Cairns notes that overall, the impact of the TCJA on small businesses has ranged from neutral to negative: “When you balance the loss of the tax write-offs, the increased costs of compliance, and the caps, there was little left for reinvestment. I would argue that the TCJA has done very little, if anything, to improve the economic conditions of small businesses in my area.”

Beth Logan, an enrolled agent with Kozlog Tax Advisers in Chelmsford, Mass., points out that the TCJA did not lower the corporate tax rate. Rather, it flattened the rate table.

Prior to the TCJA, the tax rates for C corporations, which are separate entities filing their own taxes as opposed to entities whose taxes pass through to the owners, varied from 15 percent to 35 percent. The TCJA flattened the rate to 21 percent.

“For small C corporations, the tax rate went up from 15 percent to 21 percent. Congress, while claiming to want to help small businesses, actually damaged small C corporations with less than about $150,000 of profit,” Logan says.

Logan also says that another interesting result of the TCJA is the different treatment of partnerships and S corporations. S corporation owners are required to take a salary reported on a W-2, and the resulting profit is not generally subject to Social Security contributions. Conversely, partnership owners are not allowed to take a salary reported on a W-2 and must claim all profits as income subject to Social Security contributions.

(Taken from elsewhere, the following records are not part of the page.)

(* Let $p$ be a prime and $t\geq 2$. Then $\mathcal S(\mathbb Z_{p^t})\subseteq \mathcal S(\mathbb Z_{p^{t-1}})$, where $\mathcal S(\mathbb Z_n)$ denotes the set of determinants of $n\times n$ circulant matrices with integer entries. *)

From mathcomp Require Import all_boot all_algebra.
Set Implicit Arguments. Unset Strict Implicit. Unset Printing Implicit Defensive.
Import GRing.Theory.
Local Open Scope ring_scope.

(* The n x n circulant matrix with first row a_0, ..., a_{n-1}:
   entry (i, j) is a_{(j - i) mod n}.  Only a 0, ..., a (n-1) matter. *)
Definition circulant (n : nat) (a : nat -> int) : 'M[int]_n :=
  \matrix_(i < n, j < n) a (((j + n - i) %% n)%N).

Definition circ_dets (n : nat) : int -> Prop :=
  fun d => exists a : nat -> int, \det (circulant n a) = d.

From mathcomp Require Import all_boot all_algebra all_field.
From mathcomp Require Import zify.
Import GRing.Theory.
Set Implicit Arguments. Unset Strict Implicit. Unset Printing Implicit Defensive.
Local Open Scope ring_scope.

(* Let n = m p, zeta a primitive n-th root of unity and f = \sum_(u < n) a_u X^u,
   so that det C_n(a) = \prod_(k < n) f(zeta^k).  Grouping k by its residue
   mod m, with omega = zeta^m, gives \prod_(k < m) \prod_(s < p) f(omega^s zeta^k),
   and \prod_(s < p) f(omega^s x) = G(x^p) for an integer polynomial G: it is
   the determinant of the p x p X-twisted circulant of the p-sections of f, whose
   eigenvectors are the Vandermonde columns of the omega^s x.  Hence
   det C_n(a) = \prod_(k < m) G(eta^k) with eta = zeta^p a primitive m-th root
   of unity, and reducing G modulo X^m - 1 gives b with det C_m(b) = det C_n(a). *)

Section BigopArith.
Variables (R : Type) (idx : R) (op : Monoid.com_law idx).

Lemma big_ord_mul n k (F : nat -> R) :
  \big[op/idx]_(i < n * k) F i =
  \big[op/idx]_(i < n) \big[op/idx]_(j < k) F (j + i * k)%N.
Proof.
rewrite -(big_mkord xpredT) big_nat_mul big_mkord; apply: eq_bigr => i _.
rewrite -{1}[(i * k)%N]add0n big_addn mulSn addnK big_mkord.
by apply: eq_bigr => j _; rewrite addnC.
Qed.

Lemma big_nat_periodic_shift n (F : nat -> R) :
  (forall i, F (i + n)%N = F i) ->
  forall j, \big[op/idx]_(0 <= i < n) F (i + j)%N = \big[op/idx]_(0 <= i < n) F i.
Proof.
move=> F_per; elim=> [|j IHj]; first by apply: eq_bigr => i _; rewrite addn0.
rewrite -IHj; case: n F_per {IHj} => [|n] F_per; first by rewrite !big_nil.
rewrite big_nat_recr //= big_nat_recl //= Monoid.mulmC; congr (op _ _).
  by rewrite add0n addnS -addSn addnC F_per.
by apply: eq_bigr => i _; rewrite addnS addSn.
Qed.

End BigopArith.

Section Eigenvectors.
Variable R : idomainType.

Lemma det_eigenbasis n (A W : 'M[R]_n) (d : 'rV[R]_n) :
  \det W != 0 -> A *m W = W *m diag_mx d -> \det A = \prod_k d 0 k.
Proof.
move=> W_neq0 /(congr1 determinant).
by rewrite !det_mulmx det_diag mulrC => /(mulfI W_neq0).
Qed.

Lemma det_Vandermonde_neq0 n (a : 'rV[R]_n) :
  injective (a 0) -> \det (Vandermonde n a) != 0.
Proof.
move=> a_inj; rewrite det_Vandermonde.
apply/prodf_neq0 => i _; apply/prodf_neq0 => j lt_ij.
by rewrite subr_eq0; apply: contraTneq lt_ij => /a_inj ->; rewrite ltnn.
Qed.

Lemma prim_root_expr_inj n (z x : R) : n.-primitive_root z -> x != 0 ->
  injective (fun k : 'I_n => z ^+ k * x).
Proof.
move=> z_prim x_neq0 i j /(mulIf x_neq0) /eqP.
by rewrite (eq_prim_root_expr z_prim) !modn_small // => /eqP /val_inj.
Qed.

End Eigenvectors.

(* Entries below the diagonal are multiplied by [w], so that [(z ^+ j)_j] is an
   eigenvector whenever [z ^+ n = w]; [w = 1] gives back [circulant]. *)
Definition twisted_circulant (R : pzRingType) n (w : R) (c : nat -> R) : 'M[R]_n :=
  \matrix_(i < n, j < n) (c ((j + n - i) %% n)%N * (if (j < i)%N then w else 1)).

Lemma map_circulant (R : pzRingType) n (a : nat -> int) :
  map_mx intr (circulant n a) = twisted_circulant n (1 : R) (fun u => (a u)%:~R).
Proof. by apply/matrixP => i j; rewrite !mxE if_same mulr1. Qed.

Lemma det_twisted_circulant (R : idomainType) n (w : R) (c : nat -> R)
    (z : 'I_n -> R) :
  injective z -> (forall k, z k ^+ n = w) ->
  \det (twisted_circulant n w c) = \prod_k \sum_(u < n) c u * z k ^+ u.
Proof.
move=> z_inj z_root.
pose V := Vandermonde n (\row_k z k).
have V_neq0 : \det V != 0.
  by apply: det_Vandermonde_neq0 => i j; rewrite !mxE => /z_inj.
rewrite (det_eigenbasis V_neq0 (d := \row_k \sum_(u < n) c u * z k ^+ u)).
  by apply: eq_bigr => k _; rewrite mxE.
apply/matrixP => i k; rewrite mul_mx_diag !mxE mulr_sumr.
pose term u := c (u %% n)%N * z k ^+ (i + u %% n).
have term_shift (j : 'I_n) :
    twisted_circulant n w c i j * V j k = term (j + (n - i))%N.
  have [i_lt_n j_lt_n] := (ltn_ord i, ltn_ord j).
  rewrite !mxE /term addnBA; last exact: ltnW.
  have [lt_ji | le_ij] := ltnP j i.
    have -> : ((j + n - i) %% n = j + n - i)%N by rewrite modn_small //; lia.
    have -> : (i + (j + n - i) = j + n)%N by lia.
    by rewrite exprD z_root mulrAC mulrA.
  have -> : ((j + n - i) %% n = j - i)%N.
    by rewrite -addnBAC // modnDr modn_small //; lia.
  by rewrite mulr1 subnKC.
rewrite (eq_bigr _ (fun j _ => term_shift j)) -(big_mkord xpredT (term \o addn^~ _)).
rewrite big_nat_periodic_shift => [|u]; last by rewrite /term modnDr.
by rewrite big_mkord; apply: eq_bigr => u _; rewrite /term modn_small // exprD mulrCA.
Qed.

Lemma det_circulant (R : idomainType) n (a : nat -> int) (zeta : R) :
  n.-primitive_root zeta ->
  (\det (circulant n a))%:~R = \prod_(k < n) \sum_(u < n) (a u)%:~R * (zeta ^+ k) ^+ u.
Proof.
move=> zeta_prim; rewrite -(det_map_mx (intr : {rmorphism int -> R})) map_circulant.
apply: det_twisted_circulant => [i j|k].
  rewrite -[zeta ^+ i]mulr1 -[zeta ^+ j]mulr1.
  by apply: prim_root_expr_inj; rewrite ?oner_eq0.
by rewrite exprAC (prim_expr_order zeta_prim) expr1n.
Qed.

Definition int_horner (R : comNzRingType) (x : R) : {rmorphism {poly int} -> R} :=
  horner_eval x \o map_poly intr.

Lemma int_hornerE (R : comNzRingType) (x : R) q : int_horner x q = (map_poly intr q).[x].
Proof. by []. Qed.

Definition section_poly (a : nat -> int) p m r : {poly int} :=
  \sum_(q < m) (a (r + q * p)%N)%:P * 'X^q.

Lemma sum_section_poly (R : comNzRingType) a p m (y : R) :
  \sum_(r < p) int_horner (y ^+ p) (section_poly a p m r) * y ^+ r =
  \sum_(u < m * p) (a u)%:~R * y ^+ u.
Proof.
rewrite [RHS](big_ord_mul _ _ _ (fun u => (a u)%:~R * y ^+ u)) exchange_big.
apply: eq_bigr => r _.
rewrite rmorph_sum mulr_suml; apply: eq_bigr => q _.
rewrite rmorphM rmorphXn !int_hornerE map_polyC map_polyX hornerC hornerX /=.
by rewrite -exprM mulnC exprD mulrAC mulrA.
Qed.

(* [\prod_(s < p) f (omega ^+ s * 'X)] as a polynomial in ['X ^+ p]; defining it
   as a determinant makes its integrality evident. *)
Definition norm_poly a p m : {poly int} :=
  \det (twisted_circulant p 'X (section_poly a p m)).

Lemma int_horner_norm_poly (R : idomainType) a p m (omega x : R) :
  p.-primitive_root omega -> x != 0 ->
  int_horner (x ^+ p) (norm_poly a p m) =
  \prod_(s < p) \sum_(u < m * p) (a u)%:~R * (omega ^+ s * x) ^+ u.
Proof.
move=> omega_prim x_neq0; rewrite /norm_poly -det_map_mx.
have root_x (s : 'I_p) : (omega ^+ s * x) ^+ p = x ^+ p.
  by rewrite exprMn exprAC (prim_expr_order omega_prim) expr1n mul1r.
have -> : map_mx (int_horner (x ^+ p)) (twisted_circulant p 'X (section_poly a p m)) =
          twisted_circulant p (x ^+ p) (int_horner (x ^+ p) \o section_poly a p m).
  apply/matrixP => i j; rewrite !mxE rmorphM; case: ifP => _; last by rewrite rmorph1.
  by rewrite [int_horner _ 'X]int_hornerE map_polyX hornerX.
rewrite (det_twisted_circulant _ (prim_root_expr_inj omega_prim x_neq0) root_x).
by apply: eq_bigr => s _; rewrite -[x ^+ p](root_x s) sum_section_poly.
Qed.

(* The coefficients of [G %% ('X^m - 1)]. *)
Definition wrap_coef (G : {poly int}) m (l : nat) : int :=
  \sum_(j < size G | (j %% m == l)%N) G`_j.

Lemma sum_wrap_coef (R : comNzRingType) G m (w : R) : (0 < m)%N -> w ^+ m = 1 ->
  \sum_(l < m) (wrap_coef G m l)%:~R * w ^+ l = int_horner w G.
Proof.
move=> m_gt0 w_root; have size_map : (size (map_poly intr G : {poly R}) <= size G)%N.
  exact: size_poly.
rewrite int_hornerE (horner_coef_wide _ size_map).
rewrite (partition_big (fun j : 'I_(size G) => Ordinal (ltn_pmod j m_gt0)) xpredT) //=.
apply: eq_bigr => l _; rewrite rmorph_sum mulr_suml; apply: eq_bigr => j /eqP <-.
by rewrite coef_map /= expr_mod.
Qed.

Lemma circ_dets_mulr m p d : (0 < m)%N -> (0 < p)%N ->
  circ_dets (m * p) d -> circ_dets m d.
Proof.
move=> m_gt0 p_gt0 [a <-].
have mp_gt0 : (0 < m * p)%N by rewrite muln_gt0 m_gt0.
have [zeta zeta_prim] := C_prim_root_exists mp_gt0.
have zeta_neq0 : zeta != 0 by rewrite (prim_root_eq0 zeta_prim) -lt0n.
have eta_prim : m.-primitive_root (zeta ^+ p).
  by have := exp_prim_root zeta_prim p; rewrite gcdnMl mulnK.
have omega_prim : p.-primitive_root (zeta ^+ m).
  by have := exp_prim_root zeta_prim m; rewrite gcdnMr mulKn.
exists (wrap_coef (norm_poly a p m) m); apply: (@intr_inj algC).
rewrite (det_circulant _ eta_prim) (det_circulant _ zeta_prim).
transitivity (\prod_(k < m) int_horner ((zeta ^+ k) ^+ p) (norm_poly a p m)).
  apply: eq_bigr => k _; rewrite sum_wrap_coef //; first by rewrite exprAC.
  by rewrite exprAC (prim_expr_order eta_prim) expr1n.
under eq_bigr => k _
  do rewrite (int_horner_norm_poly _ _ omega_prim (expf_neq0 _ zeta_neq0)).
pose f k := \sum_(u < m * p) (a u)%:~R * (zeta ^+ k) ^+ u.
rewrite -(big_mkord xpredT f) [X in \prod_(0 <= _ < X) _]mulnC big_mkord.
rewrite (big_ord_mul _ _ _ f) exchange_big; apply: eq_bigr => s _.
by apply: eq_bigr => k _; rewrite /f -exprM -exprD addnC (mulnC m s).
Qed.

Theorem proposition1p4 (p t : nat) (hp : prime p) (ht : (2 <= t)%N) :
  forall d : int, circ_dets (p ^ t) d -> circ_dets (p ^ (t - 1)) d.
Proof.
move=> d; have p_gt0 := prime_gt0 hp.
rewrite -[in circ_dets (p ^ t)](subnK (ltnW ht)) addn1 expnSr.
by apply: circ_dets_mulr; rewrite // expn_gt0 p_gt0.
Qed.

“The catch is that the Qualified Business Income Deduction (QBID) is based on profits,” Logan explains. “A partnership gets all their income included as QBI, and therefore gets a higher deduction. The S corporation owner only claims the profit as QBI and therefore gets a much lower deduction, all else being equal.”

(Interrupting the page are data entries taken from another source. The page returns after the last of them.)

(* Both spaces are countable ultrametric spaces with distance sets order-isomorphic to
   Q_{>=0}: on k(t^Q) the distance e^{-v(a-b)} is replaced by [rat_to_pos (- v(a-b))],
   where [rat_to_pos] is an order isomorphism from Q onto Q_{>0}. A surjective isometry is
   then built by back-and-forth along enumerations, which only needs the one-point
   extension property for finite partial isometries on both sides. Elements of k(t^Q) are
   represented by fractions, and equal fractions are at distance 0, so the construction
   runs on a pseudo-ultrametric on the k(t^Q) side.
   In U the extension property comes from universality (embed the finite space with the
   new point added) and ultrahomogeneity (move the embedded copy back onto the given
   points). In k(t^Q), given a0, a finite set B and q, the element a0 + c t^q with c
   avoiding the finitely many values at which leading terms cancel satisfies
   v(a - b) = min (v(a0 - b), q) for every b in B; this is where k is required to be
   infinite. Taking for a0 the point of the configuration nearest to the target, the
   isosceles property of ultrametrics shows that these are exactly the required
   distances. *)

From HB Require Import structures.
From mathcomp Require Import all_boot all_order all_algebra.
From mathcomp Require Import boolp reals exp sequences lra.
Import Order.TTheory GRing.Theory Num.Theory.
Local Open Scope ring_scope.
Set Implicit Arguments. Unset Strict Implicit.

Definition rat_to_pos (s : rat) : rat := if 0 <= s then s + 1 else (1 - s)^-1.

Lemma rat_to_pos_gt0 s : 0 < rat_to_pos s.
Proof.
rewrite /rat_to_pos; case: ifPn => [s_ge0|]; first by rewrite ltr_wpDl.
by rewrite -ltNge invr_gt0 subr_gt0 => /lt_trans->.
Qed.

Lemma rat_to_pos_homo : {homo rat_to_pos : x y / x < y}.
Proof.
move=> x y lt_xy; rewrite /rat_to_pos.
case: (leP 0 x) => [x_ge0|x_lt0]; first by rewrite (le_trans x_ge0 (ltW lt_xy)) ltrD2r.
case: (leP 0 y) => [y_ge0|y_lt0].
  by rewrite (@lt_le_trans _ _ 1) ?lerDr // invf_lt1 ?subr_gt0 ?(lt_trans x_lt0) // ltrDl oppr_gt0.
by rewrite ltf_pV2 ?posrE ?subr_gt0 ?(lt_trans x_lt0) ?(lt_trans y_lt0) // ltrD2l ltrN2.
Qed.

For salaries below the Social Security contribution threshold, the partnership pays more taxes due to the Social Security contributions. For salaries above that threshold, the S corporation generally pays more taxes.

Logan says this has generated a great deal of discussion about entity selection. By her observation, some companies are changing to partnerships from S corporations and others from C corporations to S corporations.

“The reasoning behind the QBID was to allow pass-through entities to get a tax savings like C corporations without changing entities,” Logan explains. “It hasn’t worked.”

Additionally, the QBID is based on profit minus other business-related deductions, including retirement plans like SEP, SIMPLE, and 401(k). It is not after IRA contributions because those are not tied to the business. Because of this, Logan suggests that small business owners consider contributing to a traditional IRA and claiming the higher QBID rather than using their business’ established retirement plan.

Pomerleau’s stance at the Tax Foundation is that the impact of the TCJA will continue to roll out over the next decade. He believes that the lower tax rate will reduce corporations’ incentives to shift profits overseas to reduce domestic tax liability. He also expects that companies will start planning around the new international tax regime.

“Specifically, companies may shift their intellectual property into the United States to benefit from the new FDII (foreign-derived intangible income) provision and to avoid the new GILTI (global intangible low-taxed income) provision,” Pomerleau says.

And finally, Pomerleau believes that companies—at least in the short run—will accelerate their investment decisions in response to the temporary 100 percent bonus depreciation provisions in the law.

While the impact of the TCJA may not yet be fully realized, Glenzer says it has the potential to shift business strategy away from the economics of taxes, enabling companies to be more focused on the economics of their businesses.